- [TASK PROMPT] Copy word for word, please, the lines of the entries below running from the one containing "have -> : (N - a) * ('C(N, s)" to the one containing "elim/big_rec2: _ =>", both ends included.

[Saved entries]
==============================

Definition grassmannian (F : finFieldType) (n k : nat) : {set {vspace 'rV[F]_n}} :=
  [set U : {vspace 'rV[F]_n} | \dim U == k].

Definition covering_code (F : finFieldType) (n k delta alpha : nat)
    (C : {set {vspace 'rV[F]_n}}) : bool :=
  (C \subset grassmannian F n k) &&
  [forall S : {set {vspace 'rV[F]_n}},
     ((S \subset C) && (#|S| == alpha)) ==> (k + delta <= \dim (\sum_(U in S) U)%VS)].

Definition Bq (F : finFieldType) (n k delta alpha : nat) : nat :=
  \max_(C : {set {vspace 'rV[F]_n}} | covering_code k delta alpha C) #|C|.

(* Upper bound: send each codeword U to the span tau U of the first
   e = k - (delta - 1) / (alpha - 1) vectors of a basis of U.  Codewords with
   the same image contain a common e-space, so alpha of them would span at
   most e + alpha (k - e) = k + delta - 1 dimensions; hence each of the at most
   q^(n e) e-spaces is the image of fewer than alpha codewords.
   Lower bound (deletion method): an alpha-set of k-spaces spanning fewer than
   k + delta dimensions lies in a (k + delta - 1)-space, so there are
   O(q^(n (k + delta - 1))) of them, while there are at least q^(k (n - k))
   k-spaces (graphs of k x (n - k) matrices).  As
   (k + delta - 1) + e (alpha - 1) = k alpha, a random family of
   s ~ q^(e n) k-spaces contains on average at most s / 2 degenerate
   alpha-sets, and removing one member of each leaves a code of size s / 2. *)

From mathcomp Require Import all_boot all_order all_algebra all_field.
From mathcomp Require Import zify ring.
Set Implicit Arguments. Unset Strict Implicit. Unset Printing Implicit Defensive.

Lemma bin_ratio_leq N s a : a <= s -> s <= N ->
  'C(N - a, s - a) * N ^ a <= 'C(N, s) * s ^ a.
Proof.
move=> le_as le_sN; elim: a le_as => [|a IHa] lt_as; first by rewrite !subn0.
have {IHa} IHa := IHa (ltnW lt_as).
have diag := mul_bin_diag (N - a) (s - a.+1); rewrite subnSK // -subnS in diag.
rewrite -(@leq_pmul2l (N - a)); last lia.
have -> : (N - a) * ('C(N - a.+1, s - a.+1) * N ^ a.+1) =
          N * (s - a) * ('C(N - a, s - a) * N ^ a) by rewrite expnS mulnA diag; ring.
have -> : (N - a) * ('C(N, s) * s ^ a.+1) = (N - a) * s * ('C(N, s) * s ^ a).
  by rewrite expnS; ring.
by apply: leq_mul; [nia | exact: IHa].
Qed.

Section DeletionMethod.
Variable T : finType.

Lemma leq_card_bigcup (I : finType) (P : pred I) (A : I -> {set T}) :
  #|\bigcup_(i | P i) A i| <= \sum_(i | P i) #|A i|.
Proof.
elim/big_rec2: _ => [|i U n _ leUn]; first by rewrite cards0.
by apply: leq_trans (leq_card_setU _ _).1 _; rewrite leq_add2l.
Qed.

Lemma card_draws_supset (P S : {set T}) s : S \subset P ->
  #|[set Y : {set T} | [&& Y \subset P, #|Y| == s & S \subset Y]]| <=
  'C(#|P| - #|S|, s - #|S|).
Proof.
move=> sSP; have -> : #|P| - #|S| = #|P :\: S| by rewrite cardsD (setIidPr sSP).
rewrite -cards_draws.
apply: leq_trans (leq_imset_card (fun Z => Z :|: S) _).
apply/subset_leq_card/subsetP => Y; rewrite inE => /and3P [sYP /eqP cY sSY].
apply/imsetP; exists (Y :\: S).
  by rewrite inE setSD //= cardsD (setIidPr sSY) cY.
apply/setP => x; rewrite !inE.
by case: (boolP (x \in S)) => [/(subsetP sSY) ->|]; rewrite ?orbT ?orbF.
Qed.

==============================

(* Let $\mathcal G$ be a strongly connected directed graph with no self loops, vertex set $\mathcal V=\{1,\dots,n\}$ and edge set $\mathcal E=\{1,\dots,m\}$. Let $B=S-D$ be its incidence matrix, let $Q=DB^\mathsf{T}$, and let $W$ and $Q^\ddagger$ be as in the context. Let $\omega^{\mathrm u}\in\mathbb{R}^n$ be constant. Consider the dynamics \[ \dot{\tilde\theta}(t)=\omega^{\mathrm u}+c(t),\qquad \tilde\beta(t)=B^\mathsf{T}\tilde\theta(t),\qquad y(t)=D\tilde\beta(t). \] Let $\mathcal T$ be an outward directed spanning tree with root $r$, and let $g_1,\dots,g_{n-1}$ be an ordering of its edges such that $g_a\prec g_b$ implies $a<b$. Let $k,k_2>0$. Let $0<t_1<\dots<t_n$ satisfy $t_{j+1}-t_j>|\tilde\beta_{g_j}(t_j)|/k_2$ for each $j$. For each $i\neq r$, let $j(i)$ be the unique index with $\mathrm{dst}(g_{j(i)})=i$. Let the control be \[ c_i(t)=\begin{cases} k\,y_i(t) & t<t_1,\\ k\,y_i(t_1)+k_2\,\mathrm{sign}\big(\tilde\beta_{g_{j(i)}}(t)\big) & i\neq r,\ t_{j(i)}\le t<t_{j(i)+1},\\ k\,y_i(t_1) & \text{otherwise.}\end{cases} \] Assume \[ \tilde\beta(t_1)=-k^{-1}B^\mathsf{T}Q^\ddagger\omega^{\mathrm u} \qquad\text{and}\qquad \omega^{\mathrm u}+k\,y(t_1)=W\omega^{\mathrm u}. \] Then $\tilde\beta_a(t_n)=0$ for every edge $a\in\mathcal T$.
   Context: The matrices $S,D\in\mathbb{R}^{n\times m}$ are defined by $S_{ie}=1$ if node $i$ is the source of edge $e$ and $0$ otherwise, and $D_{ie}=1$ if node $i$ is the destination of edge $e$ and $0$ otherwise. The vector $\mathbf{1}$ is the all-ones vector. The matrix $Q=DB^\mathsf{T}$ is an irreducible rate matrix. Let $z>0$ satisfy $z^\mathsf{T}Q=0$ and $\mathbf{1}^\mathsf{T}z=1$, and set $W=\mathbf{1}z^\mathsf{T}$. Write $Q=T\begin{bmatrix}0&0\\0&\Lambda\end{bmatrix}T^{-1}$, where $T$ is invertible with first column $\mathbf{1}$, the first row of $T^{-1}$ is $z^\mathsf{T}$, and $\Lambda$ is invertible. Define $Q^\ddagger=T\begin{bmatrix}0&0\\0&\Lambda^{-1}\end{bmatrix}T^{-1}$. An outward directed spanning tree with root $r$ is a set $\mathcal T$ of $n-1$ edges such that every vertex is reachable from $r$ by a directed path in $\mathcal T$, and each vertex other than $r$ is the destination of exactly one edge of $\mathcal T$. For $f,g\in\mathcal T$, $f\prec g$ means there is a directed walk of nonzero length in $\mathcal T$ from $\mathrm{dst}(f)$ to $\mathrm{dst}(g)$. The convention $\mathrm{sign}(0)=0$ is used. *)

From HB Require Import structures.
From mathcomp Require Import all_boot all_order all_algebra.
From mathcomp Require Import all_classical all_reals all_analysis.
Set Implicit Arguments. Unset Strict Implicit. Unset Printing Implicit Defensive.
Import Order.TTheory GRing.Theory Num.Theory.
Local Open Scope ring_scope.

==============================

- [WRITTEN SOLUTION]
have -> : (N - a) * ('C(N, s) * s ^ a.+1) = (N - a) * s * ('C(N, s) * s ^ a).
  by rewrite expnS; ring.
by apply: leq_mul; [nia | exact: IHa].
Qed.

Section DeletionMethod.
Variable T : finType.

Lemma leq_card_bigcup (I : finType) (P : pred I) (A : I -> {set T}) :
  #|\bigcup_(i | P i) A i| <= \sum_(i | P i) #|A i|.
Proof.
elim/big_rec2: _ => [|i U n _ leUn]; first by rewrite cards0.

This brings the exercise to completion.